§ **What the task requires**
What is needed is an exact copy of the lines in the listing below, from the one with "Definition wr (n" up to and including the one with "Definition eta1 (n", with no other lines.

§ **The records**
* * *

(* (alpha_1, ..., alpha_n) x : (i, j) |-> (i x, j alpha_i) *)
Definition wr_fun (n m : nat) (a : 'I_n -> {perm 'I_m}) (x : {perm 'I_n})
  (p : 'I_n * 'I_m) : 'I_n * 'I_m := (x p.1, a p.1 p.2).
Lemma wr_inj (n m : nat) (a : 'I_n -> {perm 'I_m}) (x : {perm 'I_n}) :
  injective (wr_fun a x).
Proof.
by move=> [i j] [i' j'] [/perm_inj ei]; subst i'; move/perm_inj => ->.
Qed.
Definition wr (n m : nat) (a : 'I_n -> {perm 'I_m}) (x : {perm 'I_n}) :
  {perm 'I_n * 'I_m} := perm (@wr_inj n m a x).

Definition eta1 (n m : nat) : {perm 'I_n * 'I_m} := wr (fun _ => tperm_ m) (rperm n).
(* eta_2 = (gamma_1, ..., gamma_n) z, gamma_{2i+1} = gamma_{2i+2} = t c^i;
   0-based index k corresponds to paper's k+1, so gamma = t c^(k/2) *)
Definition eta2 (n m : nat) : {perm 'I_n * 'I_m} :=
  wr (fun k : 'I_n => tperm_ m * cperm m ^+ (k %/ 2)) (zperm n).
Arguments Cnm_adj n m : clear implicits.

From mathcomp Require Import all_boot all_fingroup all_algebra.
From mathcomp Require Import ring zify.
Set Implicit Arguments. Unset Strict Implicit. Unset Printing Implicit Defensive.
Import GRing.Theory.

(* For a, d in Z_m and
   e in {0, 1}, the map i |-> a + d i + e floor(i/2) is well defined on Z_n because n is
   even and m divides n/2; its graph is an n-cycle of the skeleton meeting every layer
   once, and these 2m^2 cycles are the faces. Once e is fixed, the values at two
   consecutive layers determine a and d, so every edge lies on exactly one face with
   e = 0 and one with e = 1; orienting the former upwards and the latter downwards makes
   the map orientable. The permutations (i, j) |-> (x i, +-j + b i), with x a rotation or
   reflection of Z_n and b the height function of a face, permute the faces: among them
   are eta1, eta2, vertical shifts, and a rotation and a reflection of every face. eta1
   rotates the face a = d = e = 0, and eta2 fixes (0, 0) and cycles its 2m neighbours
   through consecutive faces; conjugating by the vertex-transitive group of these
   permutations gives such a rotation at every vertex. *)

Lemma imset_set2 (aT rT : finType) (f : aT -> rT) x y :
  [set f z | z in [set x; y]] = [set f x; f y].
Proof. by rewrite imsetU1 imset_set1. Qed.

Section MapAutomorphisms.
Variables (V : finType) (adj : rel V) (M : {set {set {set V}}}).

Lemma fimage1 (f : {set {set V}}) : fimage 1%g f = f.
Proof.
rewrite /fimage -[RHS]imset_id; apply: eq_imset => e /=.
by rewrite -[RHS]imset_id; apply: eq_imset => x; rewrite perm1.
Qed.

Lemma fimageM (g h : {perm V}) (f : {set {set V}}) :
  fimage (g * h)%g f = fimage h (fimage g f).
Proof.
rewrite /fimage -imset_comp; apply: eq_imset => e /=.
by rewrite -imset_comp; apply: eq_imset => x /=; rewrite permM.
Qed.

Lemma map_autP (g : {perm V}) :
  (forall x y, adj (g x) (g y) = adj x y) -> {in M, forall f, fimage g f \in M} ->
  map_aut adj M g.
Proof.
move=> gadj gM; apply/andP; split; last exact/forall_inP.
by apply/forallP => x; apply/forallP => y; rewrite gadj.
Qed.

Lemma map_aut_adj g x y : map_aut adj M g -> adj (g x) (g y) = adj x y.
Proof. by case/andP => /forallP /(_ x) /forallP /(_ y) /eqP ->. Qed.

Lemma map_aut_face g f : map_aut adj M g -> f \in M -> fimage g f \in M.
Proof. by case/andP => _ /forall_inP; apply. Qed.

Definition map_auts : {set {perm V}} := [set g | map_aut adj M g].

Lemma map_autsE g : (g \in map_auts) = map_aut adj M g.
Proof. by rewrite inE. Qed.

Lemma map_auts_group_set : group_set map_auts.
Proof.
apply/group_setP; split.
  by rewrite map_autsE; apply: map_autP => [x y|f fM]; rewrite ?perm1 ?fimage1.
move=> g h; rewrite !map_autsE => ga ha.
apply: map_autP => [x y|f fM]; first by rewrite !permM !map_aut_adj.
by rewrite fimageM !map_aut_face.
Qed.

Canonical map_auts_group := Group map_auts_group_set.

Lemma link_map_aut h v u w : h \in map_auts -> link M v u w ->
  link M (h v) (h u) (h w).
Proof.
rewrite map_autsE => ha /andP [uw /existsP [f /andP [fM /andP [vu vw]]]].
apply/andP; split; first by rewrite (inj_eq perm_inj).
apply/existsP; exists (fimage h f); rewrite map_aut_face //=.
by rewrite -!imset_set2 !(imset_f (fun e : {set V} => [set h x | x in e])).
Qed.

Lemma permX_fix (g : {perm V}) v k : g v = v -> (g ^+ k)%g v = v.
Proof. by move=> gv; elim: k => [|k IH]; rewrite ?expg0 ?perm1 // expgSr permM IH gv. Qed.

Definition vertex_rotation (v : V) (g : {perm V}) :=
  [/\ g \in map_auts, g v = v,
      forall u, adj v u -> link M v u (g u) &
      forall u w, adj v u -> adj v w -> exists k, (g ^+ k)%g u = w].

Lemma vertex_rotationJ v g h : h \in map_auts -> vertex_rotation v g ->
  vertex_rotation (h v) (g ^ h)%g.
Proof.
move=> ha [ga gv glink gtrans].
have adjV u : adj (h v) u = adj v (h^-1%g u).
  by rewrite -[in LHS](permKV h u) map_aut_adj -?map_autsE.
split; first by rewrite groupJ.
- by rewrite permJ gv.
- move=> u; rewrite adjV => /glink /(link_map_aut ha).
  by rewrite permKV -permJ permKV.
- move=> u w; rewrite !adjV => /gtrans gt /gt [k gk]; exists k.
  by rewrite -conjXg -(permKV h u) permJ gk permKV.
Qed.

Lemma vertex_rotation_connect v g u w : vertex_rotation v g ->
  adj v u -> adj v w -> connect (link M v) u w.
Proof.
case=> ga gv glink gtrans vu vw; case: (gtrans _ _ vu vw) => k <-.
elim: k => [|k IH]; first by rewrite expg0 perm1 connect0.
apply: connect_trans IH (connect1 _); rewrite expgSr permM; apply: glink.
by rewrite -(permX_fix k gv) map_aut_adj // -map_autsE groupX.
Qed.

Lemma vertex_rotation_edges v g u w : vertex_rotation v g -> adj v u -> adj v w ->
  exists k, [set (g ^+ k)%g x | x in [set v; u]] = [set v; w].
Proof.
case=> _ gv _ gtrans vu vw; case: (gtrans _ _ vu vw) => k gk.
by exists k; rewrite imset_set2 (permX_fix _ gv) gk.
Qed.

End MapAutomorphisms.

Section CyclicArithmetic.
Variable k : nat.
Local Open Scope ring_scope.

Lemma ordS_Zp (i : 'I_k.+2) : ordS i = i + 1.
Proof. by apply: val_inj => /=; rewrite modnDmr addn1. Qed.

* * *

§ **Task result**
Definition wr (n m : nat) (a : 'I_n -> {perm 'I_m}) (x : {perm 'I_n}) :
  {perm 'I_n * 'I_m} := perm (@wr_inj n m a x).

Definition eta1 (n m : nat) : {perm 'I_n * 'I_m} := wr (fun _ => tperm_ m) (rperm n).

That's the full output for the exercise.